What you will do -
In the records below, find the line that contains "(* An action" and the line that contains "a) = V (x + y) a].", then retype exactly those two lines and every line between them.

=== Begin Enclosure ===

(* Let $\mathcal{A}$ be a unital C$^*$-algebra with center $Z(\mathcal{A})$. (1) If $L$ is a complete transfer action for a C$^*$-dynamical system $(\mathcal{A},\Gamma^+,\alpha)$, then $(\alpha,L)$ is a complete interaction and $L_x(1)\in Z(\mathcal{A})$ for all $x\in\Gamma^+$. (2) Conversely, if $(\mathcal{V},\mathcal{H})$ is a complete interaction such that $\mathcal{H}_x(1)\in Z(\mathcal{A})$ for all $x\in\Gamma^+$, then each $\mathcal{V}_x$ is multiplicative, i.e. $(\mathcal{A},\Gamma^+,\mathcal{V})$ is a C$^*$-dynamical system, and $\mathcal{H}$ is a complete transfer action for it.
   Context: $\Gamma$ is a totally ordered abelian group with identity $0$ and $\Gamma^+=\{x\in\Gamma:0\le x\}$. An action of $\Gamma^+$ on $\mathcal{A}$ is a map $x\mapsto\mathcal{V}_x$ from $\Gamma^+$ into the bounded positive linear maps $\mathcal{A}\to\mathcal{A}$ with $\mathcal{V}_0=\mathrm{Id}$ and $\mathcal{V}_x\circ\mathcal{V}_y=\mathcal{V}_{x+y}$; a C$^*$-dynamical system $(\mathcal{A},\Gamma^+,\alpha)$ is such an action in which each $\alpha_x$ is a $*$-endomorphism. A transfer action for $(\mathcal{A},\Gamma^+,\alpha)$ is an action $L$ with $L_x(\alpha_x(a)b)=aL_x(b)$ for all $a,b\in\mathcal{A}$, $x\in\Gamma^+$; it is complete if moreover $\alpha_x(L_x(a))=\alpha_x(1)a\alpha_x(1)$ for all $a\in\mathcal{A}$, $x\in\Gamma^+$. An interaction is a pair $(\mathcal{V},\mathcal{H})$ of actions such that for every $x\in\Gamma^+$: (i) $\mathcal{V}_x\mathcal{H}_x\mathcal{V}_x=\mathcal{V}_x$; (ii) $\mathcal{H}_x\mathcal{V}_x\mathcal{H}_x=\mathcal{H}_x$; (iii) $\mathcal{V}_x(ab)=\mathcal{V}_x(a)\mathcal{V}_x(b)$ whenever $a$ or $b$ belongs to $\mathcal{H}_x(\mathcal{A})$; (iv) $\mathcal{H}_x(ab)=\mathcal{H}_x(a)\mathcal{H}_x(b)$ whenever $a$ or $b$ belongs to $\mathcal{V}_x(\mathcal{A})$. An interaction is complete if moreover $\mathcal{H}_x(\mathcal{V}_x(a))=\mathcal{H}_x(1)a\mathcal{H}_x(1)$ and $\mathcal{V}_x(\mathcal{H}_x(a))=\mathcal{V}_x(1)a\mathcal{V}_x(1)$ for all $x\in\Gamma^+$, $a\in\mathcal{A}$, and $\mathcal{H}_y(1)\mathcal{V}_x(1)=\mathcal{V}_x(1)\mathcal{H}_y(1)$ for all $x,y\in\Gamma^+$. *)

From HB Require Import structures.
From mathcomp Require Import all_boot all_order all_algebra.
From mathcomp Require Import complex.
From mathcomp Require Import reals.
Set Implicit Arguments. Unset Strict Implicit. Unset Printing Implicit Defensive.
Import Order.TTheory GRing.Theory Num.Theory ComplexField.
Local Open Scope ring_scope.

Section Cstar.
Variables (R : realType) (A : algType R[i]) (star : A -> A) (nrm : A -> R).

Definition is_involution : Prop :=
  [/\ forall a b, star (a + b) = star a + star b,
      forall (c : R[i]) a, star (c *: a) = c^* *: star a,
      forall a b, star (a * b) = star b * star a
    & forall a, star (star a) = a].

Definition is_norm : Prop :=
  [/\ forall a, 0 <= nrm a,
      forall a, nrm a = 0 -> a = 0,
      forall a b, nrm (a + b) <= nrm a + nrm b
    & forall (c : R[i]) a, ((nrm (c *: a))%:C)%C = `|c| * ((nrm a)%:C)%C].

Definition is_complete : Prop :=
  forall u : nat -> A,
    (forall e : R, 0 < e -> exists N, forall m n, (N <= m)%N -> (N <= n)%N ->
        nrm (u m - u n) < e) ->
    exists l : A, forall e : R, 0 < e -> exists N, forall n, (N <= n)%N ->
        nrm (u n - l) < e.

Definition unital_Cstar_algebra : Prop :=
  [/\ is_involution, is_norm,
      forall a b, nrm (a * b) <= nrm a * nrm b,
      forall a, nrm (star a * a) = nrm a ^+ 2
    & is_complete].

Definition positive (a : A) : Prop := exists b, a = star b * b.

Definition in_center (z : A) : Prop := forall a, z * a = a * z.

Definition complex_linear (T : A -> A) : Prop :=
  forall (c : R[i]) a b, T (c *: a + b) = c *: T a + T b.

Definition bounded (T : A -> A) : Prop :=
  exists K : R, forall a, nrm (T a) <= K * nrm a.

Definition positive_map (T : A -> A) : Prop :=
  forall a, positive a -> positive (T a).

Definition bpl_map (T : A -> A) : Prop :=
  [/\ complex_linear T, bounded T & positive_map T].

Definition star_endomorphism (T : A -> A) : Prop :=
  [/\ complex_linear T,
      forall a b, T (a * b) = T a * T b
    & forall a, T (star a) = star (T a)].

Variables (G : zmodType) (le : G -> G -> Prop).

Definition totally_ordered_group : Prop :=
  [/\ forall x, le x x,
      forall x y z, le x y -> le y z -> le x z,
      forall x y, le x y -> le y x -> x = y,
      forall x y, le x y \/ le y x
    & forall x y z, le x y -> le (x + z) (y + z)].

(* An action of Gamma^+ on A: x |-> V x, for x in Gamma^+ (values of V
   outside Gamma^+ are irrelevant). *)
Definition action (V : G -> A -> A) : Prop :=
  [/\ forall x, le 0 x -> bpl_map (V x),
      forall a, V 0 a = a
    & forall x y, le 0 x -> le 0 y -> forall a, V x (V y a) = V (x + y) a].

Definition Cstar_dynamical_system (alpha : G -> A -> A) : Prop :=
  action alpha /\ forall x, le 0 x -> star_endomorphism (alpha x).

Definition transfer_action (alpha L : G -> A -> A) : Prop :=
  action L /\
  forall x, le 0 x -> forall a b, L x (alpha x a * b) = a * L x b.

Definition complete_transfer_action (alpha L : G -> A -> A) : Prop :=
  transfer_action alpha L /\
  forall x, le 0 x -> forall a, alpha x (L x a) = alpha x 1 * a * alpha x 1.

Definition interaction (V H : G -> A -> A) : Prop :=
  [/\ action V, action H &
      forall x, le 0 x ->
      [/\ forall a, V x (H x (V x a)) = V x a,
          forall a, H x (V x (H x a)) = H x a,
          forall a b, (exists c, a = H x c) \/ (exists c, b = H x c) ->
              V x (a * b) = V x a * V x b
        & forall a b, (exists c, a = V x c) \/ (exists c, b = V x c) ->
              H x (a * b) = H x a * H x b]].

Definition complete_interaction (V H : G -> A -> A) : Prop :=
  [/\ interaction V H,
      forall x, le 0 x -> forall a,
        H x (V x a) = H x 1 * a * H x 1 /\ V x (H x a) = V x 1 * a * V x 1
    & forall x y, le 0 x -> le 0 y -> H y 1 * V x 1 = V x 1 * H y 1].

End Cstar.

(* Everything follows from two algebraic facts. Positive linear maps on a
   unital *-algebra commute with the involution, so a transfer operator L of a
   *-endomorphism alpha is a bimodule map, L (alpha a * b * alpha c) =
   a * L b * c; then L 1 is central, and completeness makes L 1 act as an
   idempotent on the range of L, which yields the interaction identities.
   Conversely, for a complete interaction with H 1 central, e := H 1 * H 1 is a
   central idempotent with H (V a) = e * a and V (e * a) = V a, so
   V (a * b) = V (e * a * (e * b)) = V (H (V a) * e * b) = V a * V b, and
   H (V a * b) = e * a * H b = a * H b. *)
From mathcomp Require Import all_boot all_order all_algebra.
From mathcomp Require Import complex reals.
Import Order.TTheory GRing.Theory Num.Theory ComplexField.
Set Implicit Arguments. Unset Strict Implicit. Unset Printing Implicit Defensive.
Local Open Scope ring_scope.

Lemma conjc_i (R : realType) : ('i%C : R[i])^*%C = - 'i%C.
Proof. by apply/eqP; rewrite eq_complex /= oppr0 !eqxx. Qed.

Lemma conjc_1 (R : realType) : (1 : R[i])^*%C = 1.
Proof. by apply/eqP; rewrite eq_complex /= oppr0 !eqxx. Qed.

Lemma i_sub_conjc_neq0 (R : realType) : ('i%C : R[i]) - ('i%C)^*%C != 0.
Proof.
rewrite conjc_i opprK; apply/negP; rewrite eq_complex /= => /andP[_].
by rewrite (_ : 1 + 1 = 2%:R) // pnatr_eq0.
Qed.

Lemma in_centerM (R : realType) (A : algType R[i]) (z w : A) :
  in_center z -> in_center w -> in_center (z * w).
Proof. by move=> cz cw a; rewrite -mulrA cw mulrA cz mulrA. Qed.

Section Involution.
Variables (R : realType) (A : algType R[i]) (star : A -> A).
Hypothesis star_inv : is_involution star.

Lemma starD a b : star (a + b) = star a + star b. Proof. by case: star_inv. Qed.
Lemma starZ c a : star (c *: a) = c^*%C *: star a. Proof. by case: star_inv. Qed.
Lemma starM a b : star (a * b) = star b * star a. Proof. by case: star_inv. Qed.
Lemma starK a : star (star a) = a. Proof. by case: star_inv. Qed.

Lemma star1 : star 1 = 1.
Proof.
have h : star (star 1) = star (star 1) * star 1 by rewrite -starM mul1r.
by rewrite starK mul1r in h.
Qed.

Lemma star_inj : injective star.
Proof. by move=> a b h; rewrite -(starK a) h starK. Qed.

Section ComplexLinear.
Variable T : A -> A.
Hypothesis T_linear : complex_linear T.

Lemma linearD a b : T (a + b) = T a + T b.
Proof. by have := T_linear 1 a b; rewrite !scale1r. Qed.

Lemma linear0 : T 0 = 0.
Proof. by apply: (addrI (T 0)); rewrite -linearD !addr0. Qed.

Lemma linearZ c a : T (c *: a) = c *: T a.
Proof. by rewrite -[c *: a]addr0 T_linear linear0 addr0. Qed.

(* With D a := T (star a) - star (T a), which is additive, conjugate-linear
   and vanishes on positive elements and on 1, expanding
   D (star (a + c 1) * (a + c 1)) = 0 gives c^* D (star a) + c D a = 0;
   the cases c = 1 and c = 'i force D a = 0. *)
Lemma positive_linear_star :
  positive_map star T -> forall a, T (star a) = star (T a).
Proof.
move=> T_pos a.
pose D x := T (star x) - star (T x).
have DD x y : D (x + y) = D x + D y.
  by rewrite /D starD !linearD starD opprD addrACA.
have DZ c x : D (c *: x) = c^*%C *: D x.
  by rewrite /D starZ !linearZ starZ scalerBr.
have D_pos b : D (star b * b) = 0.
  have [b' Tb] := T_pos (star b * b) (ex_intro _ b erefl).
  by rewrite /D starM starK Tb starM starK subrr.
have D1 : D 1 = 0 by have := D_pos 1; rewrite star1 mulr1.
have polar c : c^*%C *: D (star a) + c *: D a = 0.
  have := D_pos (a + c *: 1).
  rewrite starD starZ star1 mulrDl !mulrDr -!scalerAl -!scalerAr !mul1r !mulr1.
  by rewrite !DD !DZ D_pos D1 !scaler0 add0r addr0 conjcK.
have Dstar : D (star a) = - D a.
  by apply/eqP; rewrite -addr_eq0; have := polar 1; rewrite conjc_1 !scale1r => ->.
have := polar 'i%C; rewrite Dstar scalerN -scaleNr -scalerDl addrC => Di.
have : D a = 0 by rewrite -[D a](scalerK (i_sub_conjc_neq0 R)) Di scaler0.
by move/eqP; rewrite subr_eq0 => /eqP.
Qed.

End ComplexLinear.

Lemma bpl_map_star (nrm : A -> R) T :
  bpl_map star nrm T -> forall a, T (star a) = star (T a).
Proof. by case=> T_linear _ T_pos; apply: positive_linear_star. Qed.

Section TransferOperator.
Variables alpha L : A -> A.
Hypotheses (alphaM : forall a b, alpha (a * b) = alpha a * alpha b)
  (alpha_star : forall a, alpha (star a) = star (alpha a))
  (L_star : forall a, L (star a) = star (L a))
  (L_transfer : forall a b, L (alpha a * b) = a * L b)
  (L_complete : forall a, alpha (L a) = alpha 1 * a * alpha 1).

Lemma transfer_mulr b c : L (b * alpha c) = L b * c.
Proof.
apply: star_inj.
by rewrite -L_star !starM -alpha_star L_transfer L_star.
Qed.

Lemma transfer1_alpha c : L (alpha c) = c * L 1.
Proof. by rewrite -[alpha c]mulr1 L_transfer. Qed.

Lemma transfer1_central : in_center (L 1).
Proof. by move=> a; rewrite -transfer1_alpha -[alpha a]mul1r transfer_mulr. Qed.

Lemma transfer1_mull b : L 1 * L b = L b.
Proof. by rewrite -L_transfer L_complete mulr1 -alphaM mulr1 L_transfer mul1r. Qed.

Lemma alpha_transfer_alpha a : alpha (L (alpha a)) = alpha a.
Proof. by rewrite L_complete -!alphaM mul1r mulr1. Qed.

Lemma transfer_alpha_transfer a : L (alpha (L a)) = L a.
Proof. by rewrite L_complete -mulrA L_transfer transfer_mulr mulr1 mul1r. Qed.

Lemma transfer_alpha c : L (alpha c) = L 1 * c * L 1.
Proof. by rewrite transfer1_alpha transfer1_central -mulrA transfer1_mull. Qed.

Lemma transfer_mul_on_alpha a b :
  (exists c, a = alpha c) \/ (exists c, b = alpha c) -> L (a * b) = L a * L b.
Proof.
case=> [[c ->]|[c ->]]; first by rewrite L_transfer transfer1_alpha -mulrA transfer1_mull.
rewrite transfer_mulr transfer1_alpha -transfer1_central mulrA.
by rewrite -transfer1_central transfer1_mull.
Qed.

Lemma transfer_interaction_axioms :
  [/\ forall a, alpha (L (alpha a)) = alpha a,
       forall a, L (alpha (L a)) = L a,
       forall a b, (exists c, a = L c) \/ (exists c, b = L c) ->
         alpha (a * b) = alpha a * alpha b
     & forall a b, (exists c, a = alpha c) \/ (exists c, b = alpha c) ->
         L (a * b) = L a * L b].
Proof.
split=> [a|a|a b _|a b]; first exact: alpha_transfer_alpha.
- exact: transfer_alpha_transfer.
- exact: alphaM.
- exact: transfer_mul_on_alpha.
Qed.

End TransferOperator.

End Involution.

Section CentralInteraction.
Variables (R : realType) (A : algType R[i]) (V H : A -> A).
Hypotheses (VHV : forall a, V (H (V a)) = V a)
  (HVH : forall a, H (V (H a)) = H a)
  (V_mul_on_H : forall a b, (exists c, a = H c) -> V (a * b) = V a * V b)
  (H_mul_on_V : forall a b, (exists c, a = V c) -> H (a * b) = H a * H b)
  (H_complete : forall a, H (V a) = H 1 * a * H 1)
  (H1_central : in_center (H 1)).

Let e := H 1 * H 1.

Let e_central : in_center e. Proof. exact: in_centerM. Qed.

Lemma HV_mul_idem a : H (V a) = e * a.
Proof. by rewrite H_complete -mulrA -H1_central mulrA. Qed.

Lemma idem_mulH b : e * H b = H b.
Proof. by rewrite -HV_mul_idem HVH. Qed.

Lemma V_mul_idem a : V (e * a) = V a.
Proof. by rewrite -HV_mul_idem VHV. Qed.

Lemma idem_idem : e * e = e.
Proof. by rewrite [in LHS]/e mulrA idem_mulH. Qed.

Lemma interaction_multiplicative a b : V (a * b) = V a * V b.
Proof.
rewrite -(V_mul_idem a) -(V_mul_idem b) -V_mul_on_H; last first.
  by exists (V a); rewrite HV_mul_idem.
by rewrite mulrA -(mulrA e a e) -(e_central a) mulrA idem_idem -mulrA V_mul_idem.
Qed.

Lemma interaction_transfer a b : H (V a * b) = a * H b.
Proof.
rewrite H_mul_on_V; last by exists a.
by rewrite HV_mul_idem e_central -mulrA idem_mulH.
Qed.

End CentralInteraction.

Section Actions.
Variables (R : realType) (A : algType R[i]) (star : A -> A) (nrm : A -> R).
Variables (G : zmodType) (le : G -> G -> Prop).
Hypothesis star_inv : is_involution star.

=== End Enclosure ===

Output -
(* An action of Gamma^+ on A: x |-> V x, for x in Gamma^+ (values of V
   outside Gamma^+ are irrelevant). *)
Definition action (V : G -> A -> A) : Prop :=
  [/\ forall x, le 0 x -> bpl_map (V x),
      forall a, V 0 a = a
    & forall x y, le 0 x -> le 0 y -> forall a, V x (V y a) = V (x + y) a].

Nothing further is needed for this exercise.